=== Begin Enclosure ===

Lemma path_weight_ge0 s (a : {ffun 'I_s -> 'I_4}) : 0 <= path_weight a.
Proof. by apply: prodr_ge0 => i _; apply: step_prob_ge0. Qed.

Variables (tau t1 t2 : nat) (z : Z2).

(* X_0 is chosen so that X_s = z on the cylinder. *)
Definition cylinder s (a : {ffun 'I_s -> 'I_4}) (b : {ffun 'I_tau -> 'I_4}) :=
  [set w | X 0 w = z - displacement a /\
           forall i, (i < s + tau)%N -> X i.+1 w - X i w = cat_steps a b i].

Definition cylinder_prob s (a : {ffun 'I_s -> 'I_4}) (b : {ffun 'I_tau -> 'I_4}) :=
  init_law (z - displacement a) * path_weight a *
  \prod_(i < tau) step_prob p (fun t => x (s + t)%N) i (nth (0 : Z2) steps (b i)).

Lemma measurable_cylinder s a b : measurable (@cylinder s a b).
Proof. exact: measurable_increments. Qed.

Lemma prob_cylinder s a b : P (@cylinder s a b) = (cylinder_prob a b)%:E.
Proof.
case: walk => _ _ indep; rewrite indep init_lawE -EFinM /cylinder_prob -mulrA.
congr (_ * _)%:E.
rewrite big_split_ord; congr (_ * _); apply: eq_bigr => i _; rewrite /cat_steps /=.
- by rewrite ltn_ord.
- by rewrite ltnNge leq_addr /= addKn steps_of_ord /step_prob addnS.
Qed.

Lemma sum_cylinder_prob s (a : {ffun 'I_s -> 'I_4}) :
  \sum_b cylinder_prob a b = init_law (z - displacement a) * path_weight a.
Proof.
by rewrite -mulr_sumr sum_prod_step_prob ?mulr1 //; apply: instruction_shift.
Qed.

Lemma sum_cylinder_prob_visits0 s (a : {ffun 'I_s -> 'I_4}) :
  \sum_b cylinder_prob a b * (visits0 b)%:R =
  init_law (z - displacement a) * path_weight a * exp_visits0 p (fun t => x (s + t)%N) tau.
Proof. by rewrite /exp_visits0 mulr_sumr; apply: eq_bigr => b _; rewrite mulrA. Qed.

Lemma cylinder_increments s a b w : @cylinder s a b w ->
  (forall i : 'I_s, X i.+1 w - X i w = nth (0 : Z2) steps (a i)) /\
  (forall i : 'I_tau, X (s + i).+1 w - X (s + i)%N w = nth (0 : Z2) steps (b i)).
Proof.
move=> [_ inc]; split => i.
- rewrite inc; last exact: leq_trans (ltn_ord i) (leq_addr _ _).
  by rewrite /cat_steps ltn_ord steps_of_ord.
- rewrite inc ?ltn_add2l //.
  by rewrite /cat_steps ltnNge leq_addr /= addKn steps_of_ord.
Qed.

Lemma cylinder_X_before s a b w t : (t <= s)%N -> @cylinder s a b w ->
  X t w = z - displacement a + \sum_(i < t) steps_of a i.
Proof.
move=> le_ts cyl; have [inc_a _] := cylinder_increments cyl.
have -> : X t w = X 0 w + \sum_(i < t) (X i.+1 w - X i w) := telescope_shift (X^~ w) 0 t.
rewrite (proj1 cyl); congr (_ + _); apply: eq_bigr => i _.
by rewrite (steps_of_lt a (leq_trans (ltn_ord i) le_ts)) -inc_a.
Qed.

Lemma cylinder_X_at s a b w : @cylinder s a b w -> X s w = z.
Proof. by move=> cyl; rewrite (cylinder_X_before (leqnn s) cyl) subrK. Qed.

Lemma cylinder_X_after s a b w t : (t <= tau)%N -> @cylinder s a b w ->
  X (s + t)%N w = z + partial_sum b t.
Proof.
move=> le_t cyl; have [_ inc_b] := cylinder_increments cyl.
rewrite (telescope_shift (X^~ w) s t) (cylinder_X_at cyl); congr (_ + _).
rewrite /partial_sum (big_ord_widen _ (fun i => X (s + i).+1 w - X (s + i)%N w) le_t).
by apply: eq_bigr => i _; rewrite inc_b.
Qed.

Lemma cylinder_inj s a a' b b' w :
  @cylinder s a b w -> @cylinder s a' b' w -> a = a' /\ b = b'.
Proof.
move=> /cylinder_increments [inc_a inc_b] /cylinder_increments [inc_a' inc_b'].
split; apply/ffunP => i; apply: nth_steps_inj => /=.
- by rewrite -inc_a -inc_a'.
- by rewrite -inc_b -inc_b'.
Qed.

Definition first_visit_at s w : bool :=
  (X s w == z) && [forall t : 'I_s, (t1 <= t)%N ==> (X t w != z)].

Lemma first_visit_at_uniq s s' w : (t1 <= s)%N -> (t1 <= s')%N ->
  first_visit_at s w -> first_visit_at s' w -> s = s'.
Proof.
move=> t1s t1s' /andP [/eqP X_s fresh] /andP [/eqP X_s' fresh'].
apply/eqP; rewrite eqn_leq; apply/andP; split; rewrite leqNgt; apply/negP => lt.
- by have := forallP fresh (Ordinal lt); rewrite /= t1s' X_s' eqxx.
- by have := forallP fresh' (Ordinal lt); rewrite /= t1s X_s eqxx.
Qed.

Lemma cylinder_first_visit s a b w :
  first_visit_path t1 a -> @cylinder s a b w -> first_visit_at s w.
Proof.
move=> /forallP fresh cyl; rewrite /first_visit_at (cylinder_X_at cyl) eqxx /=.
apply/forallP => t; apply/implyP => t1t.
rewrite (cylinder_X_before (ltnW (ltn_ord t)) cyl).
apply: contra (implyP (fresh t) t1t) => /eqP X_t; apply/eqP.
by rewrite -(addKr (z - displacement a) (\sum_(i < t) steps_of a i)) X_t opprB subrK.
Qed.

Lemma first_visit_cylinder s w :
  (forall i, (i < s + tau)%N -> X i.+1 w - X i w \in steps) -> first_visit_at s w ->
  exists a b, first_visit_path t1 a /\ @cylinder s a b w.
Proof.
move=> ok /andP [/eqP X_s /forallP fresh].
pose a := [ffun i : 'I_s => step_index (X i.+1 w - X i w)].
pose b := [ffun i : 'I_tau => step_index (X (s + i).+1 w - X (s + i)%N w)].
have inc_a (i : 'I_s) : nth (0 : Z2) steps (a i) = X i.+1 w - X i w.
  by rewrite ffunE nth_step_index // ok // ltn_addr.
have inc_b (i : 'I_tau) : nth (0 : Z2) steps (b i) = X (s + i).+1 w - X (s + i)%N w.
  by rewrite ffunE nth_step_index // ok // ltn_add2l.
have sum_a t : (t <= s)%N -> \sum_(i < t) steps_of a i = X t w - X 0 w.
  move=> le_ts.
  have -> : X t w = X 0 w + \sum_(i < t) (X i.+1 w - X i w) := telescope_shift (X^~ w) 0 t.
  rewrite addrC addKr; apply: eq_bigr => i _.
  by rewrite (steps_of_lt a (leq_trans (ltn_ord i) le_ts)) inc_a.
exists a, b; split.
  apply/forallP => t; apply/implyP => t1t.
  rewrite /displacement !sum_a ?(ltnW (ltn_ord t)) // X_s.
  by apply: contra (implyP (fresh t) t1t) => /eqP/addIr/eqP.
split; first by rewrite /displacement sum_a // X_s opprB addrC subrK.
move=> i lt_i; rewrite /cat_steps; case: ltnP => [lt_is|le_si].
  by rewrite (steps_of_lt a lt_is) inc_a.
have lt_i' : (i - s < tau)%N by rewrite ltn_subLR.
by rewrite (steps_of_lt b lt_i') inc_b /= subnKC.
Qed.

Definition visit_set := [set w | exists2 t, (t1 <= t <= t2)%N & X t w = z].

Lemma measurable_visit_set : measurable visit_set.
Proof.
have -> : visit_set =
    \bigcup_t (if (t1 <= t <= t2)%N then X t @^-1` [set z] else set0).
  apply/seteqP; split => w /=.
  - by move=> [t t_in X_t]; exists t => //; rewrite t_in.
  - by move=> [t _]; case: ifP => // t_in X_t; exists t.
apply: bigcupT_measurable => t.
by case: ifP => _; [apply: measurable_X | apply: measurable0].
Qed.

Lemma visit_set_first_visit w : visit_set w ->
  exists2 s, (t1 <= s <= t2)%N & first_visit_at s w.
Proof.
move=> [t t_in X_t].
have ex_visit : exists t, (t1 <= t <= t2)%N && (X t w == z).
  by exists t; rewrite t_in X_t eqxx.
case: (ex_minnP ex_visit) => s /andP [s_in /eqP X_s] s_min; exists s => //.
rewrite /first_visit_at X_s eqxx /=; apply/forallP => t'; apply/implyP => t1t'.
apply/negP => /eqP X_t'; have := s_min t'; case/andP: s_in => _ st2.
rewrite t1t' X_t' eqxx (leq_trans (ltnW (ltn_ord t')) st2) leqNgt ltn_ord.
by move/(_ isT).
Qed.

(* The first sum vanishes almost surely; it covers the null event where an
   increment is not a unit step, which lies in no cylinder. *)
Lemma indic_visit_le w : (\1_visit_set w : R) <=
  \sum_(i < t2 + tau) (\1_(~` step_ok i) w : R) +
  \sum_(s <- index_iota t1 t2.+1) \sum_(a : {ffun 'I_s -> 'I_4})
    \sum_(b : {ffun 'I_tau -> 'I_4})
      (first_visit_path t1 a)%:R * (\1_(cylinder a b) w : R).
Proof.
have indic_ge0 (A : set T) : 0 <= (\1_A w : R) by rewrite indicE.
have bad_ge0 : 0 <= \sum_(i < t2 + tau) (\1_(~` step_ok i) w : R).
  by apply: sumr_ge0.
have term_ge0 s (a : {ffun 'I_s -> 'I_4}) (b : {ffun 'I_tau -> 'I_4}) :
  0 <= (first_visit_path t1 a)%:R * (\1_(cylinder a b) w : R) by rewrite mulr_ge0.
have cyl_ge0 : 0 <= \sum_(s <- index_iota t1 t2.+1) \sum_(a : {ffun 'I_s -> 'I_4})
    \sum_(b : {ffun 'I_tau -> 'I_4}) (first_visit_path t1 a)%:R * (\1_(cylinder a b) w : R).
  by do 3!apply: sumr_ge0 => ? _.
rewrite indicE; have [/set_mem visit|_] := boolP (w \in visit_set); last first.
  by rewrite addr_ge0.
have [[i bad]|all_ok] := pselect (exists i : 'I_(t2 + tau), ~ step_ok i w).
  rewrite -[1%:R]addr0 lerD //.
  apply: le_trans _ (ler_sum_fin i (fun j => indic_ge0 _)).
  by rewrite indicE mem_set.
have ok i : (i < t2 + tau)%N -> X i.+1 w - X i w \in steps.
  by move=> lt_i; apply: contrapT => nok; apply: all_ok; exists (Ordinal lt_i).
have [s /andP [t1s st2] first] := visit_set_first_visit visit.
have ok_s i : (i < s + tau)%N -> X i.+1 w - X i w \in steps.
  by move=> lt_i; apply: ok; apply: leq_trans lt_i _; rewrite leq_add2r.
have [a [b [fresh cyl]]] := first_visit_cylinder ok_s first.
have s_in : s \in index_iota t1 t2.+1 by rewrite mem_index_iota t1s ltnS.
rewrite -[1%:R]add0r lerD //.
apply: le_trans _ (ler_sum_mem (iota_uniq _ _) s_in _) => [|s'].
  apply: le_trans _ (ler_sum_fin a _) => [|a']; last by apply: sumr_ge0.
  apply: le_trans _ (ler_sum_fin b (term_ge0 s a)).
  by rewrite fresh indicE mem_set // mul1r.
by do 2!apply: sumr_ge0 => ? _.
Qed.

=== End Enclosure ===

* [What this task involves]
Lines holding "leqNgt" in the data above: copy each of them.

* [Written solution]
apply/eqP; rewrite eqn_leq; apply/andP; split; rewrite leqNgt; apply/negP => lt.
rewrite t1t' X_t' eqxx (leq_trans (ltnW (ltn_ord t')) st2) leqNgt ltn_ord.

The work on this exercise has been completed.